Brain Hemodynamic Effects of Doxapram in Preterm InfantsDani C. · Bertini G. · Pezzati M. · Pratesi S. · Filippi L. · Tronchin M. · Rubaltelli F.F.
Department of Surgical and Medical Critical Care, Section of Neonatology, Careggi University Hospital of Florence, Florence, Italy Biol Neonate 2006;89:69–74 (DOI:10.1159/000088287)

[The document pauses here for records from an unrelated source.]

(* Let $G$ be a graph without isolated vertices, $S$ a DDS of $G$, and $u\in\widehat S$ with $P_S(u)\neq\emptyset$. Let $v_u\in P_S(u)$, and let $P'=\{v\in P_S(u): o_S(v)\le o_S(v_u)\}$. Then: (1) $S^1$ is a dominating sequence of $G$; (2) $S_{u\to v_u}$ is a DDS of $G$ and $\widehat{S_{u\to v_u}}=\widehat S$; (3) if $S$ is a GDDS of $G$, then so is $S_{u\to v_u}$; (4) $P'\cup(\widehat{S^1}\setminus\{u\})\subseteq\widehat{(S_{u\to v_u})^1}$.
   Context: Graphs are finite, simple, undirected; $N[v]$ closed neighborhood. A sequence $S=(v_1,\dots,v_k)$ of distinct vertices is a double neighborhood sequence (DNS) if for each $i$ some $w\in N[v_i]$ satisfies $|\{j<i:w\in N[v_j]\}|\le1$; a DDS if moreover its vertex set $D$ satisfies $|N[w]\cap D|\ge2$ for all $w$; a GDDS is a DDS of maximum length. A sequence is legal if $N[v_i]\setminus\bigcup_{j<i}N[v_j]\neq\emptyset$ for all $i\ge2$, and a dominating sequence if moreover its vertex set is a dominating set. $\widehat S$ is the vertex set of $S$, $o_S(v_i)=i$ its position. $N_S^1[v_i]=N[v_i]\setminus\bigcup_{j<i}N[v_j]$, $N_S^2[v_i]=\{w\in N[v_i]:|\{j<i:w\in N[v_j]\}|=1\}$. $S^1$ is the subsequence of $S$ of vertices $v$ with $N_S^1[v]\neq\emptyset$; $S^2$ the subsequence of the remaining ones. For $u\in\widehat{S^1}$, $P_S(u)=\{v\in\widehat{S^2}: N_S^1[u]\cap N_S^2[v]\neq\emptyset\}$. For $u,v\in\widehat S$ with $o_S(u)<o_S(v)$, $S_{u\to v}$ is the sequence obtained from $S$ by removing $u$ and reinserting it immediately after $v$. *)

From mathcomp Require Import all_boot.
Set Implicit Arguments. Unset Strict Implicit. Unset Printing Implicit Defensive.

Section Graph.
Variables (T : finType) (e : rel T).

Definition no_isolated := forall v : T, exists w, e v w.

Definition Nc (v : T) : {set T} := [set w | (w == v) || e v w].

Definition cnt (s : seq T) (w : T) : nat := count (fun x => w \in Nc x) s.

Definition is_DNS (S : seq T) : Prop :=
  uniq S /\
  forall s1 v s2, S = s1 ++ v :: s2 -> exists2 w, w \in Nc v & cnt s1 w <= 1.

Definition vset (S : seq T) : {set T} := [set x in S].

Definition is_DDS (S : seq T) : Prop :=
  is_DNS S /\ forall w : T, 2 <= #|Nc w :&: vset S|.

Definition is_GDDS (S : seq T) : Prop :=
  is_DDS S /\ forall S' : seq T, is_DDS S' -> size S' <= size S.

Definition is_dominating (D : {set T}) : Prop :=
  forall w : T, exists2 x, x \in D & w \in Nc x.

Definition is_legal (S : seq T) : Prop :=
  uniq S /\
  forall s1 v s2, S = s1 ++ v :: s2 -> s1 != [::] ->
    Nc v :\: \bigcup_(x <- s1) Nc x != set0.

Definition is_dominating_seq (S : seq T) : Prop :=
  is_legal S /\ is_dominating (vset S).

(* o_S(v) = index v S (0-based); the prefix of S before v *)
Definition pre (S : seq T) (v : T) : seq T := take (index v S) S.

Definition N1 (S : seq T) (v : T) : {set T} :=
  Nc v :\: \bigcup_(x <- pre S v) Nc x.

Definition N2 (S : seq T) (v : T) : {set T} :=
  [set w in Nc v | cnt (pre S v) w == 1].

Definition S1 (S : seq T) : seq T := [seq v <- S | N1 S v != set0].
Definition S2 (S : seq T) : seq T := [seq v <- S | N1 S v == set0].

Definition PS (S : seq T) (u : T) : {set T} :=
  [set v in S2 S | N1 S u :&: N2 S v != set0].

Definition move_after (S : seq T) (u v : T) : seq T :=
  let s := rem u S in
  take (index v s).+1 s ++ u :: drop (index v s).+1 s.

End Graph.

(* Write S = A ++ u :: B ++ v :: C with v = v_u, so that S_{u -> v} = A ++ B ++ v :: u :: C.
   For x <> u the new prefix of x is the old one, minus u exactly when x lies in B ++ [v];
   hence the number of earlier vertices dominating any w can only drop, and it drops by one
   precisely for x in B ++ [v] and w in N[u].  This preserves every DNS condition and every
   first neighbourhood except those of u.  For u itself, the vertex w in N^1_S[u] ∩ N^2_S[v]
   is dominated once by the new prefix A ++ B ++ [v] of u, exactly as by the old prefix
   A ++ u :: B of v.  A vertex of P' lies in B ++ [v] and has a vertex of N[u] dominated once
   before it, which the move makes new.  Finally S^1 is legal because deleting vertices only
   enlarges first neighbourhoods, and dominating because the first vertex of S dominating w
   has w in its first neighbourhood. *)

From mathcomp Require Import all_boot zify.

Set Implicit Arguments. Unset Strict Implicit. Unset Printing Implicit Defensive.

Lemma notin_uniq_mid (T : eqType) (s1 s2 : seq T) x : uniq (s1 ++ x :: s2) -> x \notin s1.
Proof. by rewrite -cat_rcons cat_uniq rcons_uniq => /andP [/andP []]. Qed.

Lemma index_mid (T : eqType) (s1 s2 : seq T) x :
  x \notin s1 -> index x (s1 ++ x :: s2) = size s1.
Proof. by move=> /negbTE xs1; rewrite index_cat xs1 /= eqxx addn0. Qed.

Lemma rem_mid (T : eqType) (s1 s2 : seq T) x :
  x \notin s1 -> rem x (s1 ++ x :: s2) = s1 ++ s2.
Proof.
move=> xs1; rewrite remE index_mid // take_size_cat //.
by rewrite -cat_rcons drop_size_cat ?size_rcons.
Qed.

Section Prefix.
Variable T : finType.
Implicit Types (s : seq T) (x y : T).

Lemma pre_cons_eq x s : pre (x :: s) x = [::].
Proof. by rewrite /pre /= eqxx. Qed.

Lemma pre_cons y s x : y != x -> pre (y :: s) x = y :: pre s x.
Proof. by rewrite /pre /= eq_sym => /negbTE ->. Qed.

Lemma pre_cat s1 s2 x :
  pre (s1 ++ s2) x = if x \in s1 then pre s1 x else s1 ++ pre s2 x.
Proof.
rewrite /pre index_cat; case: ifP => [xs1 | _]; rewrite take_cat.
  by rewrite index_mem xs1.
by rewrite ltnNge leq_addr /= addKn.
Qed.

Lemma pre_mid s1 x s2 : x \notin s1 -> pre (s1 ++ x :: s2) x = s1.
Proof. by move=> /negbTE xs1; rewrite pre_cat xs1 pre_cons_eq cats0. Qed.

Lemma pre_filter (P : pred T) s x : P x -> pre (filter P s) x = filter P (pre s x).
Proof.
move=> Px; elim: s => //= y s IH; case: (eqVneq y x) => [-> | yx].
  by rewrite Px !pre_cons_eq.
by rewrite [in RHS]pre_cons //=; case: (P y); rewrite /= ?pre_cons ?IH.
Qed.

Lemma split_index_lt s x y : y \in s -> index x s < index y s ->
  exists A B C, s = A ++ x :: rcons B y ++ C.
Proof.
move=> ys xy; have xs : x \in s by rewrite -index_mem (leq_trans xy) ?index_size.
have [A [B defA]] : exists A B, pre s y = A ++ x :: B.
  have : x \in pre s y by rewrite in_take.
  by case/splitPr => A B; exists A, B.
have defs : s = pre s y ++ y :: drop (index y s).+1 s.
  by rewrite /pre -[X in _ ++ X :: _](nth_index y ys) -drop_nth ?index_mem // cat_take_drop.
by exists A, B, (drop (index y s).+1 s); rewrite {1}defs defA cat_rcons -catA.
Qed.

End Prefix.

Section Counting.
Variables (T : finType) (e : rel T).
Implicit Types (S s : seq T) (x w : T).

Lemma cnt_cat s1 s2 w : cnt e (s1 ++ s2) w = cnt e s1 w + cnt e s2 w.
Proof. exact: count_cat. Qed.

Lemma cnt_cons x s w : cnt e (x :: s) w = (w \in Nc e x) + cnt e s w.
Proof. by []. Qed.

Lemma cnt_rcons s x w : cnt e (rcons s x) w = cnt e s w + (w \in Nc e x).
Proof. by rewrite -cats1 cnt_cat /= addn0. Qed.

Lemma cnt_pre_mono S x y w :
  index x S <= index y S -> cnt e (pre S x) w <= cnt e (pre S y) w.
Proof.
move=> xy; rewrite /pre -(take_takel _ xy) /cnt.
by rewrite -[X in _ <= count _ X](cat_take_drop (index x S)) count_cat leq_addr.
Qed.

Lemma mem_Nc_sym : symmetric e -> forall x w, (w \in Nc e x) = (x \in Nc e w).
Proof. by move=> e_sym x w; rewrite !inE eq_sym e_sym. Qed.

Lemma mem_bigcup_Nc s w : (w \in \bigcup_(x <- s) Nc e x) = (0 < cnt e s w).
Proof.
elim: s => [|x s IH]; first by rewrite big_nil inE.
by rewrite big_cons inE IH cnt_cons; case: (w \in Nc e x).
Qed.

Lemma mem_N1 S x w : (w \in N1 e S x) = (w \in Nc e x) && (cnt e (pre S x) w == 0).
Proof. by rewrite inE mem_bigcup_Nc lt0n negbK andbC. Qed.

Lemma N1P S x :
  reflect (exists2 w, w \in Nc e x & cnt e (pre S x) w = 0) (N1 e S x != set0).
Proof.
apply: (iffP (set0Pn _)) => [[w] | [w wx cw]]; last by exists w; rewrite mem_N1 wx cw.
by rewrite mem_N1 => /andP [wx /eqP cw]; exists w.
Qed.

Lemma is_DNS_pre S : is_DNS e S <->
  uniq S /\ {in S, forall v, exists2 w, w \in Nc e v & cnt e (pre S v) w <= 1}.
Proof.
split=> [[uS dS] | [uS dS]]; split=> //.
  move=> v vS; case/splitPr: vS uS dS => s1 s2 uS dS.
  by rewrite pre_mid ?(notin_uniq_mid uS) //; apply: (dS _ _ _ erefl).
move=> s1 v s2 defS; have vS : v \in S by rewrite defS mem_cat mem_head orbT.
by rewrite defS in uS; move: (dS v vS); rewrite defS pre_mid ?(notin_uniq_mid uS).
Qed.

End Counting.

Section FirstNeighbourhoods.
Variables (T : finType) (e : rel T).
Implicit Types (S : seq T) (x w : T).

Lemma legal_of_N1 S : uniq S -> {in S, forall v, N1 e S v != set0} -> is_legal e S.
Proof.
move=> uS N1S; split=> // s1 v s2 defS _.
have vS : v \in S by rewrite defS mem_cat mem_head orbT.
by rewrite defS in uS; move: (N1S v vS); rewrite /N1 defS pre_mid ?(notin_uniq_mid uS).
Qed.

Lemma N1_filter (P : pred T) S x : P x -> N1 e S x \subset N1 e (filter P S) x.
Proof.
move=> Px; apply/subsetP => w; rewrite !mem_N1 pre_filter // => /andP [-> /eqP c0].
by rewrite -leqn0 -c0 /cnt count_filter sub_count // => y /andP [].
Qed.

Lemma dominating_S1 S : is_dominating e (vset S) -> is_dominating e (vset (S1 e S)).
Proof.
move=> domS w; have [y yS wy] := domS w.
have : has (fun x => w \in Nc e x) S by apply/hasP; exists y; rewrite inE in yS.
case/split_find => x s1 s2 wx s1w; exists x => //.
have xs1 : x \notin s1 by apply: contra s1w => xs1; apply/hasP; exists x.
rewrite inE mem_filter cat_rcons mem_cat mem_head orbT andbT.
apply/N1P; exists w; rewrite // pre_mid //.
by apply/eqP; rewrite -leqn0 leqNgt -has_count.
Qed.

Lemma DDS_dominating S : symmetric e -> is_DDS e S -> is_dominating e (vset S).
Proof.
move=> e_sym [_ cover] w; have /card_gt0P [y] : 0 < #|Nc e w :&: vset S|.
  exact: leq_trans (cover w).
by rewrite inE => /andP [yw yS]; exists y; rewrite // (mem_Nc_sym e_sym).
Qed.

Lemma S1_dominating_seq S : symmetric e -> is_DDS e S -> is_dominating_seq e (S1 e S).
Proof.
move=> e_sym DDS_S; split; last exact/dominating_S1/DDS_dominating.
apply: legal_of_N1; first exact/filter_uniq/DDS_S.1.1.
move=> v; rewrite mem_filter => /andP [N1v _].
have /set0Pn [w wN1] := N1v; apply/set0Pn; exists w.
exact: subsetP (N1_filter _ N1v) _ wN1.
Qed.

Lemma PS_after S u v : v \in PS e S u -> index u S < index v S.
Proof.
rewrite inE => /andP [_ /set0Pn [w]].
rewrite in_setI mem_N1 => /andP [/andP [_ /eqP cu]].
rewrite inE => /andP [_ /eqP cv].
rewrite ltnNge; apply: contra_eqN cv => /(cnt_pre_mono e w).
by rewrite cu leqn0 => /eqP ->.
Qed.

End FirstNeighbourhoods.

Section MoveAfter.
Variables (T : finType) (e : rel T) (A B C : seq T) (u v : T).
Local Notation D := (rcons B v).
Local Notation S := (A ++ u :: D ++ C).
Local Notation S' := (A ++ D ++ u :: C).
Hypothesis uS : uniq S.

Lemma perm_move_after : perm_eq S S'.
Proof. by rewrite perm_cat2l -cat1s perm_catCA. Qed.

Let uS' : uniq S'.
Proof. by rewrite -(perm_uniq perm_move_after). Qed.

Let u_notin : u \notin A ++ D.
Proof. by apply: (notin_uniq_mid (s2 := C)); rewrite -catA. Qed.

Let v_notin : v \notin A ++ u :: B.
Proof. by apply: (notin_uniq_mid (s2 := C)); rewrite -catA /= -[B ++ _]cat_rcons. Qed.

Let A_disjoint_D x : x \in A -> x \notin D.
Proof.
move: uS'; rewrite cat_uniq => /and3P [_ /hasPn AD _] xA.
by apply: contraL xA => xD; apply: AD; rewrite mem_cat xD.
Qed.

Lemma move_after_eq : move_after S u v = S'.
Proof.
have vAB : v \notin A ++ B.
  by apply: contra v_notin; rewrite !mem_cat in_cons orbCA => ->; rewrite orbT.
rewrite /move_after rem_mid ?(notin_uniq_mid uS) // cat_rcons !catA index_mid //.
rewrite -[(A ++ B) ++ _]cat_rcons take_size_cat ?drop_size_cat ?size_rcons //.
by rewrite rcons_cat.
Qed.

Lemma cnt_pre_move_after x w : x != u ->
  cnt e (pre S x) w = (x \in D) && (w \in Nc e u) + cnt e (pre S' x) w.
Proof.
rewrite eq_sym => ux; rewrite !pre_cat !(pre_cons _ ux) pre_cat.
have [xA | _] := boolP (x \in A); first by rewrite (negbTE (A_disjoint_D xA)).
case: (x \in D); rewrite /= !(cnt_cat, cnt_cons); first exact: addnCA.
by rewrite add0n [(w \in Nc e u) + _]addnCA.
Qed.

Lemma cnt_pre_move_after_u w :
  cnt e (pre S' u) w + (w \in Nc e u) = cnt e (pre S v) w + (w \in Nc e v).
Proof.
have -> : S = (A ++ u :: B) ++ v :: C by rewrite cat_rcons -catA.
rewrite catA (pre_mid _ u_notin) (pre_mid _ v_notin) !(cnt_cat, cnt_cons, cnt_rcons).
lia.
Qed.

Lemma N1_move_after x : x != u -> N1 e S x \subset N1 e S' x.
Proof.
move=> xu; apply/subsetP => w; rewrite !mem_N1 (cnt_pre_move_after w xu).
by case/andP => -> /=; rewrite addn_eq0 => /andP [].
Qed.

Lemma S1_move_after x : x != u -> x \in S1 e S -> x \in S1 e S'.
Proof.
move=> xu; rewrite !mem_filter (perm_mem perm_move_after) => /andP [/set0Pn [w wN1] ->].
by rewrite andbT; apply/set0Pn; exists w; apply: subsetP (N1_move_after xu) _ wN1.
Qed.

Lemma S1_move_after_block x : x \in D -> x \in PS e S u -> x \in S1 e S'.
Proof.
move=> xD; rewrite inE => /andP [_ /set0Pn [w]].
rewrite in_setI mem_N1 => /andP [/andP [wu _]]; rewrite inE => /andP [wx /eqP cx].
have xu : x != u by apply: contraNneq u_notin => <-; rewrite mem_cat xD orbT.
rewrite mem_filter !mem_cat xD orbT andbT; apply/N1P; exists w => //.
by move: cx; rewrite (cnt_pre_move_after w xu) xD wu => /eqP; rewrite eqSS => /eqP.
Qed.

Lemma DNS_move_after : is_DNS e S -> N1 e S u :&: N2 e S v != set0 -> is_DNS e S'.
Proof.
rewrite !is_DNS_pre => -[_ DNS_S] /set0Pn [w].
rewrite in_setI mem_N1 => /andP [/andP [wu _]]; rewrite inE => /andP [wv /eqP cv].
split=> // x xS'.
have [-> | xu] := eqVneq x u.
  exists w => //; have := cnt_pre_move_after_u w; rewrite cv wu wv.
  by move/eqP; rewrite eqn_add2r => /eqP ->.
have [w' w'x cw'] : exists2 w', w' \in Nc e x & cnt e (pre S x) w' <= 1.
  by apply: DNS_S; rewrite (perm_mem perm_move_after).
by exists w' => //; apply: leq_trans cw'; rewrite (cnt_pre_move_after w' xu) leq_addl.
Qed.

Lemma mem_move_after_block x : index u S < index x S <= index v S -> x \in D.
Proof.
have defS : S = (A ++ u :: B) ++ v :: C by rewrite cat_rcons -catA.
case/andP => ux xv; have xS : x \in S.
  by rewrite -index_mem (leq_ltn_trans xv) // index_mem defS mem_cat mem_head orbT.
have : x \notin take (index u S).+1 S by rewrite in_take // ltnS -ltnNge.
rewrite index_mid ?(notin_uniq_mid uS) // -cat_rcons take_size_cat ?size_rcons //.
have : x \in take (index v S).+1 S by rewrite in_take.
rewrite defS index_mid // -[(A ++ u :: B) ++ _]cat_rcons.
rewrite take_size_cat ?size_rcons // rcons_cat /=.
rewrite mem_cat in_cons [x \in rcons A u]mem_rcons in_cons.
by case/or3P => [xA | xu | //]; rewrite ?xA ?xu ?orbT.
Qed.

End MoveAfter.

Theorem lemma1 (T : finType) (e : rel T)
  (e_sym : symmetric e) (e_irr : irreflexive e)
  (noiso : no_isolated e) (S : seq T) (hS : is_DDS e S)
  (u : T) (hu : u \in S) (hP : PS e S u != set0)
  (vu : T) (hvu : vu \in PS e S u) :
  let P' := [set v in PS e S u | index v S <= index vu S] in
  let S' := move_after S u vu in
  [/\ is_dominating_seq e (S1 e S),
      is_DDS e S' /\ vset S' = vset S,
      (is_GDDS e S -> is_GDDS e S') &
      P' :|: (vset (S1 e S) :\ u) \subset vset (S1 e S')].
Proof.
move=> P' S'; have [[uS DNS_S] cover] := hS.
have vuS : vu \in S by move: hvu; rewrite inE mem_filter => /andP [/andP [_ ->]].
have [A [B [C defS]]] := split_index_lt vuS (PS_after hvu).
rewrite {}defS in uS DNS_S cover hvu P' S' *.
rewrite /S' move_after_eq //; have perm_S := perm_move_after A B C u vu.
have vset_S' : vset (A ++ rcons B vu ++ u :: C) = vset (A ++ u :: rcons B vu ++ C).
  by apply/setP => x; rewrite !inE (perm_mem perm_S).
have DDS_S' : is_DDS e (A ++ rcons B vu ++ u :: C).
  split; last by move=> w; rewrite vset_S'.
  by apply: DNS_move_after => //; move: hvu; rewrite inE => /andP [].
split=> //; first exact: S1_dominating_seq.
  by case=> _ maxS; split=> // S'' /maxS; rewrite (perm_size perm_S).
apply/subsetP => x; rewrite in_setU /vset in_set => /orP [].
  rewrite /P' in_set => /andP [xPS xvu].
  have xD : x \in rcons B vu.
    by apply: (mem_move_after_block uS); rewrite (PS_after xPS) xvu.
  exact: S1_move_after_block xD xPS.
by rewrite in_setD1 in_set => /andP [xu xS1]; apply: S1_move_after.
Qed.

Background: Doxapram is a respiratory stimulant widely used for the treatment of idiopathic apnea of prematurity, although it has been demonstrated that it can induce a transient decrease of cerebral blood flow and that isolated mental delay in infants weighing <1,250 g is associated with the total dosage and duration of doxapram therapy. Objectives: To evaluate the effects of doxapram on cerebral hemodynamics in preterm infants using cerebral Doppler ultrasonography and near-infrared spectroscopy. Methods: Preterm infants who required treatment with doxapram for apnea of prematurity unresponsive to caffeine were treated with doxapram at an hourly dose of 0.5 mg·kg–1·h–1, followed by 1.5 and 2.5 mg·kg–1·h–1. Results: 20 preterm infants were studied. Doxapram induced a significant decrease of oxygenated hemoglobin (O2Hb) and cerebral intravascular oxygenation (HbD = O2Hb – HHb) and an increase of HHb and CtOx concentrations, while cerebral blood volume and cerebral blood flow velocity did not change. Conclusions: Doxapram infusion induces the increase of cerebral oxygen consumption and requirement and the contemporary decrease of oxygen delivery probably mediated by a decrease of cerebral blood flow. Caution must be recommended in prescribing this drug for apnea of prematurity.